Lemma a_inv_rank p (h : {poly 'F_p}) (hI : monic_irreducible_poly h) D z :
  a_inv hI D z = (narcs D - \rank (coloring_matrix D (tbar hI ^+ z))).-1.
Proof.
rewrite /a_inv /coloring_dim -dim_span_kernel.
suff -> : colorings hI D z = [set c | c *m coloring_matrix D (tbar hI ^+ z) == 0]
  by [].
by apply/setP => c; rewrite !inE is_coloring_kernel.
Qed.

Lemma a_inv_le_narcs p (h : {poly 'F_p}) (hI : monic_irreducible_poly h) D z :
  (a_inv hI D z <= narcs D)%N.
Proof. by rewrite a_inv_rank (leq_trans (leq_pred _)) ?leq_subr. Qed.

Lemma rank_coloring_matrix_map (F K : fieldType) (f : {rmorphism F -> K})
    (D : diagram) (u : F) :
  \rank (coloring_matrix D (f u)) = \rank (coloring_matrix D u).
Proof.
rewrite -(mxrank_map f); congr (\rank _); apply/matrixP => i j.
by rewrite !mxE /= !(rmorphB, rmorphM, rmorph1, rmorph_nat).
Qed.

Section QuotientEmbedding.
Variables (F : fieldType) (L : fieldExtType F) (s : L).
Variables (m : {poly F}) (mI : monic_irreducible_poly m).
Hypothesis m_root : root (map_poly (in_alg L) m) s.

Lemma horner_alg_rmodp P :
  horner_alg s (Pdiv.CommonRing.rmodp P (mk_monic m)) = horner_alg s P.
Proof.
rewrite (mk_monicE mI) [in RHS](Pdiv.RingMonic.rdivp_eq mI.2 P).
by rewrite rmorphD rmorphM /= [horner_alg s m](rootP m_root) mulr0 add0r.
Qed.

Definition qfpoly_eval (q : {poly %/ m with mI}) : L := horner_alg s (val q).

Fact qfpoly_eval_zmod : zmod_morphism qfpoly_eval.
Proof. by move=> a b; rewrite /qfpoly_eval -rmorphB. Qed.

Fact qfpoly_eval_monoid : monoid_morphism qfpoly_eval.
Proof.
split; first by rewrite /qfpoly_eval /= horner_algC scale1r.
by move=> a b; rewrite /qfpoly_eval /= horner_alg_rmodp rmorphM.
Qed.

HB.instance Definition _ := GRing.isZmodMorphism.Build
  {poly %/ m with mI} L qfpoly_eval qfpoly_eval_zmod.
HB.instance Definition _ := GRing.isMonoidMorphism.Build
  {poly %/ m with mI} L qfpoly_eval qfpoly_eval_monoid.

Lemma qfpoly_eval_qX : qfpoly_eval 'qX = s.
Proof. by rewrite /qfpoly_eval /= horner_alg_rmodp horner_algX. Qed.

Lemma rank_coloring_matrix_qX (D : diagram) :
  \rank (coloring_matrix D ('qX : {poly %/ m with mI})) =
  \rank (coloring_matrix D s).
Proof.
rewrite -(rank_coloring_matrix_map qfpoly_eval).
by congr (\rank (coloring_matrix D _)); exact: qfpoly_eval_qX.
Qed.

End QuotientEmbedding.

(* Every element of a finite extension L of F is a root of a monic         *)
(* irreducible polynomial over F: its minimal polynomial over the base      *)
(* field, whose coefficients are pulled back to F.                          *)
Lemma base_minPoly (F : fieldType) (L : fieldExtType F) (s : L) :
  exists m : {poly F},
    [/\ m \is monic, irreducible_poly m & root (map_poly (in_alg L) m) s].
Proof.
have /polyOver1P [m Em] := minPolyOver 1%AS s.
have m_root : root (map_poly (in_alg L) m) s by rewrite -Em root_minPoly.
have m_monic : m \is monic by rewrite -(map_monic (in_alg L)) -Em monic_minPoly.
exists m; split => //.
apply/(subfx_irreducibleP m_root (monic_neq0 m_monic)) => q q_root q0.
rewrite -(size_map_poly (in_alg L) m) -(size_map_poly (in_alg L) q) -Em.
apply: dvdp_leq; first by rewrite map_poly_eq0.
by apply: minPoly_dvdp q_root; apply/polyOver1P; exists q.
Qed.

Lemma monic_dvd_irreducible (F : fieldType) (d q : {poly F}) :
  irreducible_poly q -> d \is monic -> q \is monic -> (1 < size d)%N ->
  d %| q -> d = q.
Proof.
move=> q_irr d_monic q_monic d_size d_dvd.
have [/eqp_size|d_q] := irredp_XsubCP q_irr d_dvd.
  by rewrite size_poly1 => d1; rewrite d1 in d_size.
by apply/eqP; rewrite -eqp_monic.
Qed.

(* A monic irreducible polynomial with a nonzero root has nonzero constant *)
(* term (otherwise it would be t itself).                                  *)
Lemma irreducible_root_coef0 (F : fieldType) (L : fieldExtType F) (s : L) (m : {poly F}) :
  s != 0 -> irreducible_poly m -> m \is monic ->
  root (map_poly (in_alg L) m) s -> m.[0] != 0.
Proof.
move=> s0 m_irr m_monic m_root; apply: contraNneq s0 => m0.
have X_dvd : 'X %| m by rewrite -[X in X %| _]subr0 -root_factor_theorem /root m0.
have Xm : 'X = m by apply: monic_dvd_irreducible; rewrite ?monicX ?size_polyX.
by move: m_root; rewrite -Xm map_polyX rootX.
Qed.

_ _ _ _ _

Description of the task:
Once you have located every line with the word "rmorphB" in the material above, list those lines.

Answer for the task:
by rewrite !mxE /= !(rmorphB, rmorphM, rmorph1, rmorph_nat).
Proof. by move=> a b; rewrite /qfpoly_eval -rmorphB. Qed.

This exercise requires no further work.